Cotton was familiar with some of what he was hearing, particularly the use of religion as a political tool. But other parts were new to him.

So he kept listening.

“Napoleon invaded Italy and defeated the papal army,” Gallo said. “He then marched on Rome and entered unopposed, plundering the Vatican. In 1798 he proclaimed Rome a republic and demanded the pope renounce his temporal authority. Pius VI refused, so he took the pope prisoner, where he died in captivity seven months later. A new pope tried to make peace, but failed, and Napoleon invaded Italy again and took that pope prisoner, too. He was only released when the British ended Napoleon’s rule in 1814. Then something extraordinary happened. After Napoleon was exiled to St. Helena, the pope wrote letters urging leniency. Can you imagine? After all Napoleon had done—held him prisoner, stripped him of everything—he still wanted mercy extended.”

“Could simply have been the Christian thing to do,” Cotton noted.

“Perhaps. But we’ll never know. Napoleon died in 1821, still a prisoner. The pope in 1823. It has always been our belief that the Holy See thought Napoleon possessed Constantine’s Gift and, for whatever reason, it was dangerous enough for them to placate him.”

“Did Napoleon have it?” Stephanie asked.

Gallo shook his head. “But he ran a good bluff, using the two opportunities when he’d plundered the Vatican to his advantage. He likewise looted Malta.”

Cotton was curious. “Did the church know that the Trinity had been lost when Napoleon invaded Malta?”

Gallo nodded. “Absolutely. But no one at the time had any idea where it had been hidden. We know now that the man who hid it away was executed, never revealing what he knew.”

“And now your brother is after it,” Stephanie asked. “Spagna too?”

“That’s my assessment.”

“You still have not explained why the Secreti just tried to kill me.”

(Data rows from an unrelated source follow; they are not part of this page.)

(* Let $G$ be a group and let $\mathrm{A}(G)$ be the kernel of $\epsilon\colon\mathrm{Gr}(\mathrm{Pq}(G))\to G$. Then there is an exact sequence of abelian groups \[ \mathrm{H}_2(G;\mathbb{Z})\longrightarrow\mathrm{A}(G)\longrightarrow\mathrm{B}(G)\longrightarrow\mathrm{H}_1(G;\mathbb{Z})\longrightarrow 0, \] where $\mathrm{B}(G)$ is the quotient of the free abelian group $\mathbb{Z}\mathrm{Cl}(G)$ on the set $\mathrm{Cl}(G)$ of conjugacy classes of elements of $G$ by the relations $n[a]=[a^n]$ for all $a\in G$ and all $n\in\mathbb{Z}$.
   Context: For a group $G$, $\mathrm{Pq}(G)$ is the power quandle on the underlying set of $G$ with $a\rhd b=aba^{-1}$, $\pi^n(a)=a^n$ ($n\in\mathbb{Z}$), and unit the identity $e$. $\mathrm{Gr}(\mathrm{Pq}(G))$ is the group with generators $\sigma(a)$, $a\in G$, and relations $\sigma(aba^{-1})=\sigma(a)\sigma(b)\sigma(a)^{-1}$, $\sigma(a^n)=\sigma(a)^n$, $\sigma(e)=1$ for all $a,b\in G$, $n\in\mathbb{Z}$. $\epsilon\colon\mathrm{Gr}(\mathrm{Pq}(G))\to G$ is the surjective homomorphism with $\epsilon(\sigma(a))=a$; its kernel is abelian (indeed central). $[a]$ denotes the conjugacy class of $a$. $\mathrm{H}_i(G;\mathbb{Z})$ is integral group homology. *)

From HB Require Import structures.
From mathcomp Require Import all_boot all_algebra.
From mathcomp Require Import freeg.
Set Implicit Arguments. Unset Strict Implicit. Unset Printing Implicit Defensive.
Import GRing.Theory.
Local Open Scope ring_scope.

(* Abelian groups presented as "subquotients": a carrier type, a       *)
(* membership predicate (the subgroup), an equivalence (equality in    *)
(* the quotient), the group operation and the unit.                    *)
Record sgroup := SGroup {
  sg_car : Type;
  sg_mem : sg_car -> Prop;
  sg_eqv : sg_car -> sg_car -> Prop;
  sg_op  : sg_car -> sg_car -> sg_car;
  sg_one : sg_car }.
Arguments sg_mem : clear implicits.
Arguments sg_eqv : clear implicits.
Arguments sg_op : clear implicits.
Arguments sg_one : clear implicits.

Definition sg_hom (X Y : sgroup) (f : sg_car X -> sg_car Y) : Prop :=
  [/\ (forall x, sg_mem X x -> sg_mem Y (f x)),
      (forall x y, sg_mem X x -> sg_mem X y -> sg_eqv X x y ->
                   sg_eqv Y (f x) (f y)) &
      (forall x y, sg_mem X x -> sg_mem X y ->
                   sg_eqv Y (f (sg_op X x y)) (sg_op Y (f x) (f y)))].

Definition sg_exact (X Y Z : sgroup) (f : sg_car X -> sg_car Y)
    (g : sg_car Y -> sg_car Z) : Prop :=
  forall y, sg_mem Y y ->
    (sg_eqv Z (g y) (sg_one Z) <-> exists2 x, sg_mem X x & sg_eqv Y (f x) y).

Definition sg_onto (X Y : sgroup) (f : sg_car X -> sg_car Y) : Prop :=
  forall y, sg_mem Y y -> exists2 x, sg_mem X x & sg_eqv Y (f x) y.

Section PowerQuandle.
Variable G : groupType.

Definition zpowg (a : G) (n : int) : G :=
  match n with Posz k => (a ^+ k)%g | Negz k => ((a ^+ k.+1)^-1)%g end.

(* Gr(Pq(G)): words in the letters sigma(a)^{+-1}; (false,a) = sigma(a),
   (true,a) = sigma(a)^-1, modulo the congruence generated by free
   reduction and the defining relations. *)
Definition word := seq (bool * G).

Definition wpow (a : G) (n : int) : word :=
  match n with Posz k => nseq k (false, a) | Negz k => nseq k.+1 (true, a) end.

Inductive grel : word -> word -> Prop :=
| grel_refl w : grel w w
| grel_sym u v : grel u v -> grel v u
| grel_trans u v w : grel u v -> grel v w -> grel u w
| grel_cat u u' v v' : grel u u' -> grel v v' -> grel (u ++ v) (u' ++ v')
| grel_free (b : bool) (a : G) : grel [:: (b, a); (~~ b, a)] [::]
| grel_conj (a b : G) :
    grel [:: (false, (a * b * a^-1)%g)] [:: (false, a); (false, b); (true, a)]
| grel_pow (a : G) (n : int) : grel [:: (false, zpowg a n)] (wpow a n)
| grel_unit : grel [:: (false, 1%g)] [::].

Definition weps (w : word) : G :=
  foldr (fun p acc => ((if p.1 then p.2^-1 else p.2) * acc)%g) 1%g w.

Definition AG : sgroup :=
  @SGroup word (fun w => weps w = 1%g) grel cat [::].

Definition C1 := {freeg G / int}.
Definition C2 := {freeg (G * G) / int}.
Definition C3 := {freeg (G * G * G) / int}.

Definition gen1 (a : G) : C1 := << a >>.
Definition gen2 (a b : G) : C2 := << (a, b) >>.

Definition d2 : C2 -> C1 :=
  fglift (fun p : G * G => gen1 p.2 - gen1 (p.1 * p.2)%g + gen1 p.1).
Definition d3 : C3 -> C2 :=
  fglift (fun t : G * G * G =>
    gen2 t.1.2 t.2 - gen2 (t.1.1 * t.1.2)%g t.2
    + gen2 t.1.1 (t.1.2 * t.2)%g - gen2 t.1.1 t.1.2).

Definition H2 : sgroup :=
  @SGroup C2 (fun x => d2 x = 0) (fun x y => exists z, d3 z = x - y) +%R 0.

(* H_1(G;Z) = C1 / im d2  (d1 = 0) *)
Definition H1 : sgroup :=
  @SGroup C1 (fun _ => True) (fun x y => exists z, d2 z = x - y) +%R 0.

(* B(G) = Z Cl(G) / < n[a] - [a^n] >, where Z Cl(G) = Z[G] / < [a] - [bab^-1] > *)
Inductive Bnull : C1 -> Prop :=
| Bnull0 : Bnull 0
| Bnull_conj (a b : G) : Bnull (gen1 (b * a * b^-1)%g - gen1 a)
| Bnull_pow (a : G) (n : int) : Bnull (n *: gen1 a - gen1 (zpowg a n))
| Bnull_add x y : Bnull x -> Bnull y -> Bnull (x + y)
| Bnull_opp x : Bnull x -> Bnull (- x).

Definition BG : sgroup :=
  @SGroup C1 (fun _ => True) (fun x y => Bnull (x - y)) +%R 0.

End PowerQuandle.

(* A word in the
   kernel of epsilon is central, since moving sigma(a) past a word u conjugates a
   by epsilon(u). In particular the words sigma(g) sigma(h) sigma(gh)^-1 are
   central, so [g|h] |-> sigma(g) sigma(h) sigma(gh)^-1 extends additively to bar
   2-chains; by the cocycle identity it kills boundaries, which gives
   H_2(G) -> A(G). Abelianizing words gives A(G) -> B(G), whose composite with the
   chain map is the bar differential d_2; B(G) -> H_1(G) is induced by the
   identity of Z[G]. Exactness rests on two facts: every word w equals a chain
   word followed by the single letter sigma(epsilon(w)), and every defining
   relation [bab^-1] - [a], n[a] - [a^n] of B(G) is the boundary of a 2-chain
   whose word is trivial in Gr(Pq(G)). *)

From Pilot Require Import Defs.
From HB Require Import structures.
From mathcomp Require Import all_boot all_algebra.
From mathcomp Require Import freeg zify.
From Stdlib Require Import Setoid Morphisms.
Set Implicit Arguments. Unset Strict Implicit. Unset Printing Implicit Defensive.
Import GRing.Theory.
Local Open Scope ring_scope.

Section WordGroup.
Variable G : groupType.
Local Notation word := (word G).
Local Notation grel := (@Defs.grel G).
Implicit Types (a b : G) (u v w : word).

#[local] Instance grel_Equivalence : Equivalence grel.
Proof. by split; [exact: grel_refl | exact: grel_sym | exact: grel_trans]. Qed.

#[local] Instance cat_grel_Proper : Proper (grel ==> grel ==> grel) (@cat (bool * G)).
Proof. by move=> ? ? ? ? ? ?; apply: grel_cat. Qed.

#[local] Instance cons_grel_Proper : Proper (eq ==> grel ==> grel) (@cons (bool * G)).
Proof. by move=> x _ <- u v; apply: (grel_cat (grel_refl [:: x])). Qed.

#[local] Hint Resolve grel_refl : core.

Lemma sigmaKV a w : grel [:: (false, a), (true, a) & w] w.
Proof. exact: (grel_cat (grel_free false a) (grel_refl w)). Qed.

Lemma sigmaVK a w : grel [:: (true, a), (false, a) & w] w.
Proof. exact: (grel_cat (grel_free true a) (grel_refl w)). Qed.

Lemma sigma_conj a b w :
  grel ((false, (a * b * a^-1)%g) :: w) [:: (false, a), (false, b), (true, a) & w].
Proof. exact: (grel_cat (grel_conj a b) (grel_refl w)). Qed.

Lemma weps_cat u v : weps (u ++ v) = (weps u * weps v)%g.
Proof. by elim: u => [|x u IHu] /=; rewrite ?mul1g // IHu mulgA. Qed.

Definition winv w : word := rev [seq (~~ x.1, x.2) | x <- w].

Lemma winv_cons x w : winv (x :: w) = winv w ++ [:: (~~ x.1, x.2)].
Proof. by rewrite /winv /= rev_cons cats1. Qed.

Lemma winv_cat u v : winv (u ++ v) = winv v ++ winv u.
Proof. by rewrite /winv map_cat rev_cat. Qed.

Lemma winvK : involutive winv.
Proof. by move=> w; rewrite /winv map_rev revK -map_comp map_id_in // => -[[] ?]. Qed.

Lemma weps_winv w : weps (winv w) = (weps w)^-1%g.
Proof.
elim: w => [|[[] a] w IHw]; rewrite ?invg1 // winv_cons weps_cat IHw invgM /=.
  by rewrite invgK mulg1.
by rewrite mulg1.
Qed.

Lemma cat_winv w : grel (w ++ winv w) [::].
Proof.
elim: w => [//|[b a] w IHw].
by rewrite winv_cons -cat1s -!catA (catA w) IHw /=; apply: grel_free.
Qed.

Lemma winv_cat_id w : grel (winv w ++ w) [::].
Proof. by rewrite -{2}(winvK w) cat_winv. Qed.

Lemma winv_grel u v : grel u v -> grel (winv u) (winv v).
Proof.
move=> uv; transitivity (winv u ++ (v ++ winv v)); first by rewrite cat_winv cats0.
transitivity (winv u ++ (u ++ winv v)); last by rewrite catA winv_cat_id.
by apply: grel_cat => //; apply: grel_cat => //; symmetry.
Qed.

#[local] Instance winv_Proper : Proper (grel ==> grel) winv.
Proof. exact: winv_grel. Qed.

Lemma sigma_cat_conj u a :
  grel (u ++ [:: (false, a)]) ((false, weps u * a * (weps u)^-1)%g :: u).
Proof.
elim: u a => [|[b c] u IHu] a /=; first by rewrite mul1g invg1 mulg1.
rewrite IHu; set x := (_ * a * _)%g; case: b => /=.
- have -> : x = (c * (c^-1 * x * c) * c^-1)%g by rewrite !mulgA mulgV mul1g mulgK.
  by rewrite sigma_conj (sigmaVK c) /x invgM invgK !mulgA.
- have -> : (c * weps u * a / (c * weps u) = c * x * c^-1)%g.
    by rewrite /x invgM !mulgA.
  by rewrite (sigma_conj c x) (sigmaVK c).
Qed.

Lemma ker_weps_central_sigma w x : weps w = 1%g -> grel (w ++ [:: x]) (x :: w).
Proof.
case: x => [[] a] w1; have := sigma_cat_conj w a; rewrite w1 mul1g invg1 mulg1 => wa //.
transitivity ((true, a) :: (w ++ [:: (false, a)]) ++ [:: (true, a)]).
  by rewrite wa /= (sigmaVK a).
by rewrite /= -catA /= (sigmaKV a) cats0.
Qed.

Lemma ker_weps_central w u : weps w = 1%g -> grel (w ++ u) (u ++ w).
Proof.
move=> w1; elim: u => [|x u IHu]; first by rewrite cats0.
by rewrite -cat1s catA ker_weps_central_sigma //= IHu.
Qed.

Definition wzpow w (n : int) : word :=
  match n with
  | Posz k => flatten (nseq k w)
  | Negz k => flatten (nseq k.+1 (winv w))
  end.

Lemma weps_wzpow w n : weps w = 1%g -> weps (wzpow w n) = 1%g.
Proof.
have weps_rep u k : weps u = 1%g -> weps (flatten (nseq k u)) = 1%g.
  by move=> u1; elim: k => //= k IHk; rewrite weps_cat u1 IHk mul1g.
by move=> w1; case: n => k; apply: weps_rep; rewrite ?weps_winv w1 ?invg1.
Qed.

Lemma wzpowD1 w n : grel (wzpow w (n + 1)) (w ++ wzpow w n).
Proof.
case: n => [k|[|k]]; first by rewrite -PoszD addn1.
  by rewrite /= cats0 cat_winv.
have -> : Negz k.+1 + 1 = Negz k by rewrite !NegzE; lia.
by rewrite /= catA cat_winv.
Qed.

“That’s simple,” Gallo said. “The British asked for that to happen.”

Stephanie nodded. “He’s right. James Grant is running rogue.”

No real surprise.

“And Mussolini?” he said. “How does he figure into all this?”

Gallo faced him. “That’s precisely why my brother and Archbishop Spagna have teamed together.”

 

 

CHAPTER TWENTY-SEVEN


Luke reflected on how fast things changed.

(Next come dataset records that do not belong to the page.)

(* Let $f:\mathbb{R}^n\to\mathbb{R}$ be continuously differentiable and bounded below with $\nabla f$ Lipschitz continuous on $\mathbb{R}^n$, let $s$ be an integer with $0<s<n$, and let $\{\mathbf{x}^k\}$ be the sequence generated by the partial sparse-simplex method. Then for any $k$ with $\|\mathbf{x}^k\|_0<s$, $$f(\mathbf{x}^k)-f(\mathbf{x}^{k+1})\ge\frac{1}{2L_2(f)}\max_{i=1,\dots,n}(\nabla_i f(\mathbf{x}^k))^2,$$ and for any $k$ with $\|\mathbf{x}^k\|_0=s$, $f(\mathbf{x}^k)-f(\mathbf{x}^{k+1})\ge A(\mathbf{x}^k)$, where $$A(\mathbf{x})=\max\Big\{\frac{1}{2L_2(f)}\max_{i\in I_1(\mathbf{x})}(\nabla_i f(\mathbf{x}))^2,\ M_s(\mathbf{x})\Big[\max_{i\in I_0(\mathbf{x})}|\nabla_i f(\mathbf{x})|-\max_{i\in I_1(\mathbf{x})}|\nabla_i f(\mathbf{x})|-L_2(f)M_s(\mathbf{x})\Big]\Big\}.$$
   Context: $\|\mathbf{x}\|_0$ is the number of nonzero components, $C_s=\{\mathbf{x}:\|\mathbf{x}\|_0\le s\}$, $I_1(\mathbf{x})=\{i:x_i\neq0\}$, $I_0(\mathbf{x})=\{i:x_i=0\}$, $M_s(\mathbf{x})$ the $s$-th largest absolute value among components of $\mathbf{x}$, $\mathbf{e}_i$ the $i$-th standard basis vector. For $i\neq j$, $\nabla_{i,j}f(\mathbf{x})\in\mathbb{R}^2$ is the vector of the $i$-th and $j$-th partial derivatives, $L_{i,j}(f)$ is a constant with $\|\nabla_{i,j}f(\mathbf{x})-\nabla_{i,j}f(\mathbf{x}+\mathbf{d})\|\le L_{i,j}(f)\|\mathbf{d}\|$ for all $\mathbf{x}$ and all $\mathbf{d}$ with at most two nonzero components, and $L_2(f)=\max_{i\neq j}L_{i,j}(f)$. Partial sparse-simplex method (all one-dimensional minima assumed attained): choose $\mathbf{x}^0\in C_s$. At step $k$: if $\|\mathbf{x}^k\|_0<s$, for each $i$ let $t_i\in\operatorname{argmin}_t f(\mathbf{x}^k+t\mathbf{e}_i)$, $f_i=\min_t f(\mathbf{x}^k+t\mathbf{e}_i)$, $i_k\in\operatorname{argmin}_i f_i$; if $f_{i_k}<f(\mathbf{x}^k)$ set $\mathbf{x}^{k+1}=\mathbf{x}^k+t_{i_k}\mathbf{e}_{i_k}$, else stop. If $\|\mathbf{x}^k\|_0=s$: for $i\in I_1(\mathbf{x}^k)$ let $f_i=\min_t f(\mathbf{x}^k+t\mathbf{e}_i)$; let $i_k^1\in\operatorname{argmin}\{f_i:i\in I_1(\mathbf{x}^k)\}$, $i_k^2\in\operatorname{argmax}\{|\nabla_i f(\mathbf{x}^k)|:i\in I_0(\mathbf{x}^k)\}$, $m_k\in\operatorname{argmin}\{|x_i^k|:i\in I_1(\mathbf{x}^k)\}$; let $D_k^1=\min_t f(\mathbf{x}^k+t\mathbf{e}_{i_k^1})$ with minimizer $T_k^1$, and $D_k^2=\min_t f(\mathbf{x}^k-x^k_{m_k}\mathbf{e}_{m_k}+t\mathbf{e}_{i_k^2})$ with minimizer $T_k^2$; if $D_k^1<D_k^2$ set $\mathbf{x}^{k+1}=\mathbf{x}^k+T_k^1\mathbf{e}_{i_k^1}$, else $\mathbf{x}^{k+1}=\mathbf{x}^k-x^k_{m_k}\mathbf{e}_{m_k}+T_k^2\mathbf{e}_{i_k^2}$. *)

From HB Require Import structures.
From mathcomp Require Import all_boot all_order all_algebra.
From mathcomp Require Import all_classical all_reals all_analysis.
Set Implicit Arguments. Unset Strict Implicit. Unset Printing Implicit Defensive.
Import Order.TTheory GRing.Theory Num.Theory.
Import numFieldNormedType.Exports.
Local Open Scope ring_scope.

He’d gone from hanging in the air to drenched in the Mediterranean, then thrown into a dungeon, attacked by the police, and now he was inside an apartment located in the heart of Valletta, led there by the head of Vatican intelligence and accompanied by an agent for Maltese security. He wasn’t sure who, if anyone, he should listen to, much less trust. Laura Price had gone from telling him to get as far away as he could to seemingly now working with the enemy.

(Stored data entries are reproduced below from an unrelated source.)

Lemma cluster_cvg_subseq (V : normedModType R) (q : nat -> V) (p : V) :
  cluster (q @ \oo) p ->
  exists2 f : nat -> nat, increasing_seq f & (q \o f) @ \oo --> p.
Proof.
move=> Hcl.
have near_after N k : exists j, (N < j)%N /\ `|p - q j| < k.+1%:R^-1.
  have HA : (q @ \oo) [set z | exists j, (N < j)%N /\ z = q j].
    by exists N.+1 => // j /= Hj; exists j.
  have Hball : nbhs p (ball p k.+1%:R^-1) by exact: nbhsx_ballx.
  have [z [[j [Hj ->]] Hb]] := Hcl _ _ HA Hball.
  by exists j; split => //; rewrite -ball_normE in Hb.
pose pick N k := projT1 (cid (near_after N k)).
have pickP N k : (N < pick N k)%N /\ `|p - q (pick N k)| < k.+1%:R^-1.
  exact: projT2 (cid (near_after N k)).
pose f := fix F k := if k is k'.+1 then pick (F k') k else pick 0%N 0%N.
exists f; first by apply/increasing_seqP => k; exact: (pickP _ _).1.
have f_near k : `|p - q (f k)| < k.+1%:R^-1 by case: k => [|k]; exact: (pickP _ _).2.
apply/cvgrPdist_lt => e e0.
by apply: filterS (near_infty_natSinv_lt (PosNum e0)) => k /=; exact: lt_trans.
Qed.

Lemma bounded_cvg_subseq {m : nat} {q : nat -> 'rV[R]_m} {M : R} :
  (\forall k \near \oo, `|q k| <= M) ->
  exists (p : 'rV[R]_m),
    exists2 f : nat -> nat, increasing_seq f & (q \o f) @ \oo --> p.
Proof.
move=> qM.
have cball : compact (closed_ball_ Num.norm (0 : 'rV[R]_m) M).
  apply: bounded_closed_compact; last exact: closed_closed_ball_.
  exists M; split; first exact: num_real.
  move=> r Mr z; rewrite /closed_ball_ /= sub0r normrN => h.
  exact: le_trans h (ltW Mr).
have qB : \forall k \near \oo, closed_ball_ Num.norm (0 : 'rV[R]_m) M (q k).
  by apply: filterS qM => k; rewrite /closed_ball_ /= sub0r normrN.
have [p [_ Hcl]] := cball (q @ \oo) _ qB.
by exists p; exact: cluster_cvg_subseq.
Qed.

End row_sequences.

Lemma calm_diff_quotient_bounded {R : realType} {n m : nat}
    {g : 'rV[R]_n -> 'rV[R]_m} {x u : 'rV[R]_n} {t_ : nat -> R}
    {u_ : nat -> 'rV[R]_n} :
  calm g x -> (forall k, 0 < t_ k) -> t_ @ \oo --> 0 -> u_ @ \oo --> u ->
  exists M : R, \forall k \near \oo,
    `|(t_ k)^-1 *: (g (x + t_ k *: u_ k) - g x)| <= M.
Proof.
move=> [dc dc0 [L L0 Hc]] t_gt0 t_0 u_u.
have tu_0 : (fun k => t_ k *: u_ k) @ \oo --> (0 : 'rV[R]_n).
  by have := cvgZ t_0 u_u; rewrite scale0r; apply.
have hn : 0 <= (n%:R : R) by [].
have tu_small : \forall k \near \oo, n%:R * `|t_ k *: u_ k| < dc.
  have e0 : 0 < dc / (n%:R + 1) by rewrite divr_gt0 //; lra.
  move/cvgrPdist_lt: tu_0 => /(_ _ e0); apply: filterS => k.
  rewrite sub0r normrN ltr_pdivlMr; last by lra.
  by have := normr_ge0 (t_ k *: u_ k); nra.
have u_bnd : \forall k \near \oo, `|u_ k| <= `|u| + 1.
  move/cvgrPdist_lt: u_u => /(_ 1 ltr01); apply: filterS => k h.
  have -> : u_ k = u - (u - u_ k) by rowring.
  by apply: le_trans (ler_normB _ _) _; lra.
exists (L * (n%:R * (`|u| + 1))); near=> k.
have tk := t_gt0 k.
have step : enorm (x + t_ k *: u_ k - x) = t_ k * enorm (u_ k).
  by rewrite addrC addKr enormZ gtr0_norm.
have calm_k : enorm (g (x + t_ k *: u_ k) - g x) <= L * (t_ k * enorm (u_ k)).
  rewrite -step; apply: Hc; apply: le_lt_trans (enorm_le_normr _) _.
  by rewrite addrC addKr; near: k.
apply: le_trans (normr_le_enorm _) _.
rewrite enormZ gtr0_norm ?invr_gt0 // ler_pdivrMl //.
apply: le_trans calm_k _.
rewrite mulrCA ler_pM2l //; apply: ler_wpM2l; first exact: ltW.
apply: le_trans (enorm_le_normr _) _; rewrite ler_wpM2l //; near: k.
exact: u_bnd.
Unshelve. all: by end_near.
Qed.

Section shifted_graph.
Context {R : realType} {n m : nat}.
Variables (g : 'rV[R]_n -> 'rV[R]_m) (D : set 'rV[R]_m).
Variable Phi : 'rV[R]_n -> set 'rV[R]_m.
Hypothesis PhiE : forall x', Phi x' = [set g x' - d | d in D].

Lemma rnormal_gph_Phi_D {x : 'rV[R]_n} {y : 'rV[R]_m} {e : 'rV[R]_(n + m)} :
  Phi x y -> rnormal (gph Phi) (row_mx x y) e -> rnormal D (g x - y) (- rsubmx e).
Proof.
rewrite -[e]hsubmxK row_mxKr PhiE => -[d0 Dd0 <-] [_ He].
have -> : g x - (g x - d0) = d0 by rowring.
split => // eps eps0; have [del del0 H] := He eps eps0.
exists del => // d Dd Hd.
have step : row_mx x (g x - d) - row_mx x (g x - d0) = row_mx 0 (- (d - d0)).
  by rewrite opp_row_mx add_row_mx; congr row_mx; rowring.
have := H (row_mx x (g x - d)).
rewrite step enorm_row0mx enormN dotv_row_mx dotv0r add0r dotvNr -dotvNl.
by apply => //; exists x, (g x - d); split => //; rewrite PhiE; exists d.
Qed.

Lemma rnormal_gph_Phi_sv {x : 'rV[R]_n} {y : 'rV[R]_m} {e : 'rV[R]_(n + m)} :
  Phi x y -> rnormal (gph Phi) (row_mx x y) e ->
  rnormal (gph (sv g)) (row_mx x (g x)) e.
Proof.
rewrite PhiE => -[d0 Dd0 <-] [_ He].
split; first by exists x, (g x).
move=> eps eps0; have [del del0 H] := He eps eps0.
exists del => // _ [x' [_ [-> ->]]].
have step : row_mx x' (g x' - d0) - row_mx x (g x - d0) =
            row_mx x' (g x') - row_mx x (g x).
  by rewrite !opp_row_mx !add_row_mx; congr row_mx; rowring.
rewrite -step; apply: H.
by exists x', (g x' - d0); split => //; rewrite PhiE; exists d0.
Qed.

Lemma rnormal_gph_Phi_calm (x xs : 'rV[R]_n) (y ys : 'rV[R]_m) :
  Phi x y -> calm g x -> rnormal D (g x - y) ys ->
  rnormal (gph (sv g)) (row_mx x (g x)) (row_mx xs (- ys)) ->
  rnormal (gph Phi) (row_mx x y) (row_mx xs (- ys)).
Proof.
rewrite PhiE => -[d0 Dd0 <-] [dc dc0 [L L0 Hc]].
have -> : g x - (g x - d0) = d0 by rowring.
move=> [_ HD] [_ HG].
split; first by exists x, (g x - d0); split => //; rewrite PhiE; exists d0.
move=> eps eps0.
pose K := (m%:R + 1) * (L + 1).
have K0 : 0 < K by rewrite mulr_gt0 // ltr_wpDl // ltW.
pose eps' := eps / (2 * K).
have eps'0 : 0 < eps' by rewrite divr_gt0 // mulr_gt0.
have [d1 d10 H1] := HG eps' eps'0.
have [d2 d20 H2] := HD eps' eps'0.
exists (Num.min dc (Num.min (d1 / K) (d2 / K))); first by rewrite !lt_min dc0 !divr_gt0.
move=> _ [x' [y' [+ ->]]]; rewrite PhiE => -[d Dd <-].
rewrite opp_row_mx add_row_mx !lt_min => /and3P[r_dc r_d1 r_d2].
set a := x' - x in r_dc r_d1 r_d2 *; set s := g x' - d - (g x - d0) in r_d1 r_d2 *.
set r := enorm (row_mx a s) in r_dc r_d1 r_d2 *; set b := g x' - g x.
have [ab_le bs_le] : enorm (row_mx a b) <= K * r /\ enorm (b - s) <= K * r.
  apply: enorm_graph_step_le (ltW L0) _; apply: Hc.
  exact: le_lt_trans (enorm_row_mxl a s) r_dc.
have bsE : b - s = d - d0 by rowring.
have graph_ineq : dotv (row_mx xs (- ys)) (row_mx a b) <= eps' * enorm (row_mx a b).
  have := H1 (row_mx x' (g x')); rewrite opp_row_mx add_row_mx; apply.
    by exists x', (g x').
  by apply: le_lt_trans ab_le _; rewrite mulrC -ltr_pdivlMr.
have D_ineq : dotv ys (d - d0) <= eps' * enorm (d - d0).
  apply: H2 => //; rewrite -bsE.
  by apply: le_lt_trans bs_le _; rewrite mulrC -ltr_pdivlMr.
have sE : s = b - (d - d0) by rewrite -bsE opprB addrC subrK.
rewrite !dotv_row_mx dotvNl in graph_ineq *; rewrite sE dotvDr dotvNr !dotvNl opprK.
have : eps' * enorm (row_mx a b) <= eps' * (K * r) by rewrite ler_pM2l.
have : eps' * enorm (d - d0) <= eps' * (K * r) by rewrite -bsE ler_pM2l.
have -> : eps' * (K * r) = eps * r / 2 by rewrite /eps'; field; rewrite gt_eqF.
lra.
Qed.

Lemma rcoder_Phi_sub (x : 'rV[R]_n) (y ys : 'rV[R]_m) : Phi x y ->
  rcoder Phi x y ys `<=`
    [set xs | rnormal D (g x - y) ys /\ rcoder (sv g) x (g x) ys xs].
Proof.
move=> Phixy xs normal; split; last exact: rnormal_gph_Phi_sv Phixy normal.
by have := rnormal_gph_Phi_D Phixy normal; rewrite row_mxKr opprK.
Qed.

Lemma rcoder_Phi_sup (x : 'rV[R]_n) (y ys : 'rV[R]_m) : Phi x y -> calm g x ->
  [set xs | rnormal D (g x - y) ys /\ rcoder (sv g) x (g x) ys xs]
    `<=` rcoder Phi x y ys.
Proof. by move=> Phixy calm_gx xs [??]; exact: rnormal_gph_Phi_calm. Qed.

Lemma lcoder_Phi_sub (x : 'rV[R]_n) (y ys : 'rV[R]_m) : continuous g ->
  lcoder Phi x y ys `<=`
    [set xs | lnormal D (g x - y) ys /\ lcoder (sv g) x (g x) ys xs].
Proof.
move=> g_cont xs [z_ [e_ [normal_k [z_xy e_e]]]].
pose x_ k := lsubmx (z_ k); pose y_ k := rsubmx (z_ k).
have Phi_k k : Phi (x_ k) (y_ k).
  rewrite /x_ /y_; case: (normal_k k) => -[x' [y' [+ ->]]] _.
  by rewrite row_mxKl row_mxKr.
have normal_k' k : rnormal (gph Phi) (row_mx (x_ k) (y_ k)) (e_ k).
  by rewrite hsubmxK.
have x_x : x_ @ \oo --> x := cvg_lsubmx z_xy.
have gx_gx : (g \o x_) @ \oo --> g x by apply: continuous_cvg; [exact: g_cont|].
split.
  exists (fun k => g (x_ k) - y_ k), (fun k => - rsubmx (e_ k)); split.
    by move=> k; exact: rnormal_gph_Phi_D.
  split; first exact: cvgB gx_gx (cvg_rsubmx z_xy).
  by rewrite -[ys]opprK; exact: cvgN (cvg_rsubmx e_e).
exists (fun k => row_mx (x_ k) (g (x_ k))), e_; split.
  by move=> k; exact: rnormal_gph_Phi_sv.
by split => //; exact: cvg_row_mx.
Qed.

“We’re near the old Inquisitor’s Palace,” Spagna said. “What a job that must have been. Appointed by the pope, sent here to eliminate heresy and all things contrary to the Catholic faith. His word was absolute. That’s a position I would have relished.”

Luke surveyed the tiny apartment. Only three rooms, brightened by cheerful curtains, the furniture all a bit too large. No photos, candy dishes, or knickknacks. Nothing personal. No one lived here, at least not on a long-term basis. He’d been in enough safe houses so far during his time with the Magellan Billet to know the look.

“This place one of yours?”

Spagna nodded. “Our people use it.”

When they’d arrived he’d noticed an oddity out front, engraved into the eroding stone lintel above a set of shuttered windows. An eye sandwiched between two axes. Spagna had explained that it noted who’d lived in the building long ago.

The executioner.

No coincidence that the holder of that unenviable office lived near the Inquisitor’s Palace.

Luke heard a vibration and watched as Spagna found a phone in his pocket, stepping outside to take the call.

“You want to tell me what’s happening here,” he asked Laura.

“Spagna told me that he was aware of Cardinal Gallo’s presence on the island and that he had the situation under control.”

“And you bought that?”

“He called my boss once we were in the car and I was ordered to cooperate. I’m betting your boss is going to tell you the same thing.”

Except that his phone had been conveniently destroyed, making that difficult to determine. “You still have your phone?”